Return only those lines of the records below in which "spanG" appears.

[[ Supplied data, beginning ]]

Lemma spanning_segment G lo hi : spanning G -> 0 < lo <= hi -> hi <= n ->
  inord lo.-1 \notin G -> inord hi \notin G ->
  (ord_max \in G -> (lo <= i.-1 <= hi) = (lo <= j.-1 <= hi)) -> lo <= r <= hi.
Proof.
move=> /forallP/(_ (inord lo)) spanG lohi hin loG hiG chordG.
have segE := connect_segment lohi hin loG hiG chordG.
by case/orP: spanG => /segE; rewrite !inordK //; lia.
Qed.

Lemma segment_separating G lo hi : 0 < lo -> lo <= r <= hi -> hi <= n ->
  inord lo.-1 \notin G -> inord hi \notin G ->
  (ord_max \in G -> (lo <= i.-1 <= hi) = (lo <= j.-1 <= hi)) -> separating G.
Proof.
move=> lo0 lorhi hin loG hiG chordG; have lohi : 0 < lo <= hi by lia.
by apply/negP => /(connect_segment lohi hin loG hiG chordG); rewrite !inordK //; lia.
Qed.

Lemma long_gap G : separating G -> exists2 k : 'I_n.+2, r <= k <= n & k \notin G.
Proof.
move=> sepG; have [//|longG] := exists_notin_or_inord G (fun k => r <= k <= n).
by case/negP: sepG; rewrite connectC; apply: connect_wrap => // k kn; apply: longG; lia.
Qed.

Lemma long_gap_unique G (k k' : 'I_n.+2) : spanning G ->
  r <= k <= n -> r <= k' <= n -> k \notin G -> k' \notin G -> k = k'.
Proof.
wlog kk' : k k' / k <= k' => [sym spanG ? ? ? ?|spanG kr k'r kG k'G].
  by have [/sym|/ltnW/sym] := leqP k k'; [apply|move=> ->].
apply/val_inj/eqP; rewrite eqn_leq kk' /=; apply: contraT; rewrite -ltnNge => ltkk'.
have := @spanning_segment G k.+1 k' spanG; rewrite /= !inord_val; lia.
Qed.

Lemma short_gap G : separating G -> exists2 m : 'I_n.+2, m < r & m \notin G.
Proof.
move=> sepG; have [//|shortG] := exists_notin_or_inord G (fun k => k < r).
by case/negP: sepG; apply: connect_arc => // k kr; apply: shortG; lia.
Qed.
(* Let $\psi:\Sigma\to\mathbb{H}^2\times\mathbb{R}\subset\mathbb{L}^4$ be a conformal immersion with regular vertical projection and constant mean curvature $1/2$ with respect to its canonical orientation, with induced metric $\lambda|dz|^2$, angle function $u>0$, unit normal $\eta$, vertical projection $N$, hyperbolic Gauss map $G$, and Abresch–Rosenberg differential $Q\,dz^2$ with $Q$ nowhere zero. Then $$\psi^\sharp=-\psi+\frac2u(G,1)=-\psi+\frac{2}{u^2}(\eta+N)$$ is a conformal immersion $\Sigma\to\mathbb{H}^2\times\mathbb{R}$ with regular vertical projection and constant mean curvature $1/2$ with respect to its canonical orientation; its hyperbolic Gauss map is $G$, its angle function is $u$, and its metric is $\lambda^\sharp|dz|^2$ with $\lambda^\sharp=\frac{16|Q|^2}{\lambda u^4}$.
   Context: $\mathbb{L}^4=(\mathbb{R}^4,\langle,\rangle=-dx_0^2+dx_1^2+dx_2^2+dx_3^2)$, $\mathbb{H}^2=\{x\in\mathbb{L}^3:\langle x,x\rangle=-1,x_0>0\}$ in the first three coordinates, $\mathbb{H}^2\times\mathbb{R}\subset\mathbb{L}^4$; linear operations are in $\mathbb{L}^4$. For $\psi=(N,h)$: $\eta=(\hat N,u)$ is the unit normal tangent to $\mathbb{H}^2\times\mathbb{R}$, $u$ the angle function; regular vertical projection means $u\ne0$, canonical orientation $u>0$; hyperbolic Gauss map $G$ by $(G,1)=(\eta+N)/u$; $p=-\langle\psi_z,\eta_z\rangle$, $H$ mean curvature, Abresch–Rosenberg differential $Q=2Hp+h_z^2$. *)

From Stdlib Require Import Reals.
From Coquelicot Require Import Coquelicot.
Open Scope R_scope.

Record L4 := mk4 { c0 : R; c1 : R; c2 : R; c3 : R }.

Definition lor (a b : L4) : R :=
  - c0 a * c0 b + c1 a * c1 b + c2 a * c2 b + c3 a * c3 b.

Definition add4 (a b : L4) : L4 :=
  mk4 (c0 a + c0 b) (c1 a + c1 b) (c2 a + c2 b) (c3 a + c3 b).
Definition scal4 (k : R) (a : L4) : L4 :=
  mk4 (k * c0 a) (k * c1 a) (k * c2 a) (k * c3 a).
Definition opp4 (a : L4) : L4 := scal4 (-1) a.

(* H^2 x R : first three coordinates in the hyperboloid model of H^2 *)
Definition in_H2xR (a : L4) : Prop :=
  - c0 a ^ 2 + c1 a ^ 2 + c2 a ^ 2 = -1 /\ 0 < c0 a.

(* vertical projection N of a point, viewed in L^4 as (N,0) *)
Definition vproj (a : L4) : L4 := mk4 (c0 a) (c1 a) (c2 a) 0.

Definition sdom := R -> R -> Prop.
Definition open_dom (U : sdom) : Prop := open (fun p : R * R => U (fst p) (snd p)).

Definition Dx (f : R -> R -> R) : R -> R -> R := fun x y => Derive (fun t => f t y) x.
Definition Dy (f : R -> R -> R) : R -> R -> R := fun x y => Derive (fun t => f x t) y.

Definition C0 (U : sdom) (f : R -> R -> R) : Prop :=
  forall x y, U x y -> continuous (fun p : R * R => f (fst p) (snd p)) (x, y).

Fixpoint Ck (k : nat) (U : sdom) (f : R -> R -> R) : Prop :=
  match k with
  | O => C0 U f
  | S k' => (forall x y, U x y -> ex_derive (fun t => f t y) x /\ ex_derive (fun t => f x t) y)
            /\ C0 U f /\ Ck k' U (Dx f) /\ Ck k' U (Dy f)
  end.

Definition smooth (U : sdom) (f : R -> R -> R) : Prop := forall k, Ck k U f.

Definition vmap := R -> R -> L4.
Definition comp0 (F : vmap) : R -> R -> R := fun x y => c0 (F x y).
Definition comp1 (F : vmap) : R -> R -> R := fun x y => c1 (F x y).
Definition comp2 (F : vmap) : R -> R -> R := fun x y => c2 (F x y).
Definition comp3 (F : vmap) : R -> R -> R := fun x y => c3 (F x y).

Definition smooth4 (U : sdom) (F : vmap) : Prop :=
  smooth U (comp0 F) /\ smooth U (comp1 F) /\ smooth U (comp2 F) /\ smooth U (comp3 F).

Definition Dx4 (F : vmap) : vmap := fun x y =>
  mk4 (Dx (comp0 F) x y) (Dx (comp1 F) x y) (Dx (comp2 F) x y) (Dx (comp3 F) x y).
Definition Dy4 (F : vmap) : vmap := fun x y =>
  mk4 (Dy (comp0 F) x y) (Dy (comp1 F) x y) (Dy (comp2 F) x y) (Dy (comp3 F) x y).

(* conformal factor lambda: metric lambda |dz|^2 *)
Definition lam (psi : vmap) : R -> R -> R := fun x y => lor (Dx4 psi x y) (Dx4 psi x y).
Lemma jump_circulant_adj m R d (i j : 'I_m) :
  d \in R -> 0 < d -> 2 * d <= m -> i + d = j -> circulant_adj m R i j.
Proof.
move=> dR d_gt0 dm ij; have := ltn_ord j; rewrite /circulant_adj /circ_dist => jm.
apply/andP; split; first by apply/eqP => eij; move: ij; rewrite eij; lia.
by have -> : minn (maxn i j - minn i j) (m - (maxn i j - minn i j)) = d by lia.
Qed.

Section CirculantOrientation.
Variables n x : nat.
Hypotheses (x_gt1 : 1 < x) (x_lt_n : x < n) (n_mod3 : n %% 3 = 1) (x_mod3 : x %% 3 = 2)
  (x_le : 3 * x <= 2 * n).

Inductive circ_step (p q : nat) : Prop :=
  | StepSucc of q = p + 1 & col q = col p + 1
  | StepWrap of p = 0 & q = 2 * n - 1 & col p = 0 & col q = 1
  | StepPred of p = q + 1 & col p = 0 & col q = 2
  | StepAddX of q = p + x & col p = 0 & col q = 2
  | StepSubX of p = q + x & col q = col p + 1
  | StepWrapX of p < x & q = p + (2 * n - x) & col q = col p
  | StepAddN of q = p + n & col q = col p + 1
  | StepSubN of p = q + n & col p = 0 & col q = 2.

(* [col] stays folded in the case analyses below, so that lia sees [col p] as an
   atom; hence the explicit bounds. *)
Definition circ_arc (p q : nat) : Prop :=
  [/\ p < 2 * n, q < 2 * n, col p < 3, col q < 3 & circ_step p q].

Lemma no_circ_arc_path5 a0 a1 a2 a3 a4 a5 :
  circ_arc a0 a1 -> circ_arc a1 a2 -> circ_arc a2 a3 -> circ_arc a3 a4 ->
  circ_arc a4 a5 -> False.
Proof.
move=> [? ? ? ? s1] [? ? ? ? s2] [? ? ? ? s3] [? ? ? ? s4] [? ? ? ? s5].
case: s1 => *; try lia; case: s2 => *; try lia; case: s3 => *; try lia;
  case: s4 => *; try lia; case: s5 => *; lia.
Qed.

Lemma no_circ_arc_shortcut4 a0 a1 a2 a3 a4 :
  circ_arc a0 a1 -> circ_arc a1 a2 -> circ_arc a2 a3 -> circ_arc a3 a4 ->
  circ_arc a0 a4 -> False.
Proof.
move=> [? ? ? ? s1] [? ? ? ? s2] [? ? ? ? s3] [? ? ? ? s4] [? ? ? ? s5].
case: s1 => *; try lia; case: s2 => *; try lia; case: s3 => *; try lia;
  case: s4 => *; try lia; case: s5 => *; lia.
Qed.

Lemma circ_arc_shortcut3_antipodal a0 a1 a2 a3 :
  circ_arc a0 a1 -> circ_arc a1 a2 -> circ_arc a2 a3 -> circ_arc a0 a3 ->
  (a0 + n = a2 \/ a2 + n = a0) /\ (a1 + n = a3 \/ a3 + n = a1).
Proof.
move=> [? ? ? ? s1] [? ? ? ? s2] [? ? ? ? s3] [? ? ? ? s4].
case: s1 => *; try (exfalso; lia); case: s2 => *; try (exfalso; lia);
  case: s3 => *; try (exfalso; lia); case: s4 => *; lia.
Qed.

Local Notation G := (circulant_adj (2 * n) [:: 1; x; n]).
Local Notation orientG := (orient G (@col_rank (2 * n))).

Lemma orient_circ_arc (i j : 'I_(2 * n)) : orientG i j -> circ_arc i j.
Proof.
case/andP=> /circulant_adj_jump[d dR ij] /col_rank_lt; rewrite /col => cij.
have := ltn_ord i; have := ltn_ord j => jn inn.
split; try (unfold col; lia).
move: dR ij; rewrite !inE => /or3P[] /eqP ->.
- case=> [|[|[|]]] ij.
  + by apply: StepSucc; unfold col; lia.
  + by apply: StepPred; unfold col; lia.
  + by apply: StepWrap; unfold col; lia.
  + by exfalso; lia.
- case=> [|[|[|]]] ij.
  + by apply: StepAddX; unfold col; lia.
  + by apply: StepSubX; unfold col; lia.
  + by apply: StepWrapX; unfold col; lia.
  + by exfalso; lia.
- case=> [|[|[|]]] ij.
  + by apply: StepAddN; unfold col; lia.
  + by apply: StepSubN; unfold col; lia.
  + by apply: StepAddN; unfold col; lia.
  + by apply: StepSubN; unfold col; lia.
Qed.

Lemma orient_path_size (a : 'I_(2 * n)) p :
  path orientG a p -> orientG a (last a p) -> size p <= 3.
Proof.
case: p => [|b1 [|b2 [|b3 [|b4 p]]]] //=.
case/and5P=> /orient_circ_arc e1 /orient_circ_arc e2 /orient_circ_arc e3
  /orient_circ_arc e4.
case: p => [|b5 p] /=.
  by move=> _ /orient_circ_arc /(no_circ_arc_shortcut4 e1 e2 e3 e4).
by case/andP=> /orient_circ_arc /(no_circ_arc_path5 e1 e2 e3 e4).
Qed.

Lemma circulant_semi_transitive : semi_transitive G (@col_rank (2 * n)).
Proof.
have antipodal (i j : 'I_(2 * n)) : i + n = j \/ j + n = i -> G i j.
  have n_in : n \in [:: 1; x; n] by rewrite !inE eqxx !orbT.
  have n_gt0 : 0 < n by lia.
  by case=> ij; [|rewrite circulant_adj_sym]; apply: jump_circulant_adj n_in n_gt0 (leqnn _) ij.
move=> a p ap sc; have := orient_path_size ap sc.
case: p ap sc => [|b1 [|b2 [|b3 [|]]]] //= ap sc _; rewrite !andbT.
- exact: orient_adj sc.
- by case/and3P: ap => e1 e2 _; rewrite !(orient_adj e1, orient_adj e2, orient_adj sc).
case/and4P: ap => e1 e2 e3 _.
have [/antipodal -> /antipodal ->] :=
  circ_arc_shortcut3_antipodal (orient_circ_arc e1) (orient_circ_arc e2)
    (orient_circ_arc e3) (orient_circ_arc sc).
by rewrite !(orient_adj e1, orient_adj e2, orient_adj e3, orient_adj sc).
Qed.

End CirculantOrientation.

Theorem corollary7 (n x : nat) :
  1 < x -> x < n ->
  n %% 3 = 1 -> x %% 3 = 2 -> 3 * x <= 2 * n ->
  word_representable (circulant_adj (2 * n) [:: 1; x; n]).
Proof.
move=> x_gt1 x_lt_n n_mod3 x_mod3 x_le.
apply: semi_transitive_word_representable.
- exact: col_rank_inj.
- exact: circulant_adj_sym.
exact: circulant_semi_transitive.
Qed.
(* Let $p$ be a prime such that $2$ is a generator of the multiplicative group $(\mathbb{Z}/p\mathbb{Z})^*$, and let $F_{mt}:\mathbb{F}_p^2\to\mathbb{F}_p^2$ be the map $F_{mt}(x,y)=(x^2y(x-y),\;2xy^2(x-y))$, where $\mathbb{F}_p=\mathbb{Z}/p\mathbb{Z}$. Then there exists $N\ge 1$ such that the $N$-th iterate $F_{mt}^{\circ N}$ sends every point of $\mathbb{F}_p^2$ to $(0,0)$.
   Context: $F_{mt}$ is the reduction modulo $p$ of the integer polynomial map $(x,y)\mapsto(x^2y(x-y),\,2xy^2(x-y))$ (called the ''multiplicative trap''); $F_{mt}^{\circ N}$ denotes its $N$-fold composition with itself. *)

From mathcomp Require Import all_boot all_order all_algebra.
Set Implicit Arguments. Unset Strict Implicit. Unset Printing Implicit Defensive.
Import GRing.Theory.
Local Open Scope ring_scope.

Definition two_generates (p : nat) : Prop :=
  (2%:R : 'F_p) != 0 /\ forall x : 'F_p, x != 0 -> exists k : nat, x = 2%:R ^+ k.

Definition F_mt (p : nat) (v : 'F_p * 'F_p) : 'F_p * 'F_p :=
  let: (x, y) := v in
  (x ^+ 2 * y * (x - y), 2%:R * x * y ^+ 2 * (x - y)).

From mathcomp Require Import all_boot all_order all_algebra finfield.
From mathcomp Require Import ring.
Set Implicit Arguments. Unset Strict Implicit. Unset Printing Implicit Defensive.
Local Open Scope ring_scope.
Import GRing.Theory.

(* Away from the degenerate locus x y (x - y) = 0, F_mt multiplies the ratio
   y / x by 2, while on that locus it collapses to the fixed point (0, 0).
   Since 2 generates F_p^*, the inverse of any nonzero ratio is 2^k with
   k < p - 1, so after k steps the ratio is 1 and one more step lands at
   (0, 0); hence N = p - 1 works for every point. *)

Section MultiplicativeTrap.

Variable p : nat.

Local Notation F := (F_mt (p:=p)).

Lemma F_mt_degenerate (x y : 'F_p) :
  [|| x == 0, y == 0 | x == y] -> F (x, y) = (0, 0).
Proof.
case/or3P=> /eqP->; rewrite /F_mt.
- by rewrite expr0n /= !(mul0r, mulr0).
- by rewrite expr0n /= !(mul0r, mulr0).
- by rewrite subrr !mulr0.
Qed.

Lemma iter_F_mt00 n : iter n F (0, 0) = (0, 0).
Proof. by elim: n => //= n ->; apply: F_mt_degenerate; rewrite eqxx. Qed.

Lemma iter_F_mt_absorb m n v :
  (m <= n)%N -> iter m F v = (0, 0) -> iter n F v = (0, 0).
Proof. by move=> /subnK <- hm; rewrite iterD hm iter_F_mt00. Qed.

Lemma F_mt_ratio (x y : 'F_p) : x != y ->
  (F (x, y)).2 / (F (x, y)).1 = 2%:R * (y / x).
Proof.
move=> nxy.
have [->|hx] := eqVneq x 0; first by rewrite F_mt_degenerate ?eqxx // invr0 !mulr0.
have [->|hy] := eqVneq y 0; first by rewrite F_mt_degenerate ?eqxx ?orbT // !mul0r mulr0.
have hxy : x - y != 0 by rewrite subr_eq0.
by rewrite /F_mt /=; field; rewrite hx hy hxy.
Qed.

Lemma iter_F_mt_ratio1 n (x y : 'F_p) :
  y / x * 2%:R ^+ n = 1 -> iter n.+1 F (x, y) = (0, 0).
Proof.
elim: n x y => [|n IH] x y.
  rewrite expr0 mulr1 => ratio1; apply: F_mt_degenerate.
  have hx : x != 0.
    by apply: contraPneq ratio1 => ->; rewrite invr0 mulr0 => /esym/eqP; rewrite oner_eq0.
  by rewrite -[y](divfK hx) ratio1 mul1r eqxx !orbT.
move=> ratio1; have [exy|nxy] := eqVneq x y.
  by rewrite iterSr F_mt_degenerate ?exy ?eqxx ?orbT // iter_F_mt00.
rewrite iterSr; case def_v: (F (x, y)) => [x' y']; apply: IH.
have := F_mt_ratio nxy; rewrite def_v /= => ->.
by rewrite -[RHS]ratio1 exprS; ring.
Qed.

Hypothesis p_prime : prime p.

Lemma expFp_pred_card (a : 'F_p) : a != 0 -> a ^+ p.-1 = 1.
Proof.
move=> a_neq0; apply: (mulfI a_neq0); have := expf_card a.
by rewrite card_Fp // mulr1 -exprS prednK ?prime_gt0.
Qed.

Lemma two_generates_lt (x : 'F_p) : two_generates p -> x != 0 ->
  exists2 k, (k < p.-1)%N & x = 2%:R ^+ k.
Proof.
case=> two_neq0 two_gen /two_gen[k ->]; exists (k %% p.-1)%N.
  by rewrite ltn_mod -subn1 subn_gt0 prime_gt1.
by rewrite {1}(divn_eq k p.-1) exprD mulnC exprM expFp_pred_card // expr1n mul1r.
Qed.

End MultiplicativeTrap.

Theorem mainTheorem2 (p : nat) (hp : prime p) (h2 : two_generates p) :
  exists N : nat, (1 <= N)%N /\
    forall v : 'F_p * 'F_p, iter N (F_mt (p:=p)) v = (0, 0).
Proof.
have N_gt0 : (0 < p.-1)%N by rewrite -subn1 subn_gt0 prime_gt1.
exists p.-1; split=> // -[x y].
have [x0|hx] := eqVneq x 0.
  by apply: (iter_F_mt_absorb N_gt0); apply: F_mt_degenerate; rewrite x0 eqxx.
have [y0|hy] := eqVneq y 0.
  by apply: (iter_F_mt_absorb N_gt0); apply: F_mt_degenerate; rewrite y0 eqxx orbT.
have [k lt_k_N k_inv] : exists2 k, (k < p.-1)%N & (y / x)^-1 = 2%:R ^+ k.
  by apply: two_generates_lt; rewrite ?invr_eq0 ?mulf_neq0 ?invr_eq0.
apply: (iter_F_mt_absorb lt_k_N); apply: iter_F_mt_ratio1.
by rewrite -k_inv mulfV // mulf_neq0 ?invr_eq0.
Qed.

[[ Supplied data, end ]]

→ Response to the task
move=> /forallP/(_ (inord lo)) spanG lohi hin loG hiG chordG.
by case/orP: spanG => /segE; rewrite !inordK //; lia.
wlog kk' : k k' / k <= k' => [sym spanG ? ? ? ?|spanG kr k'r kG k'G].
have := @spanning_segment G k.+1 k' spanG; rewrite /= !inord_val; lia.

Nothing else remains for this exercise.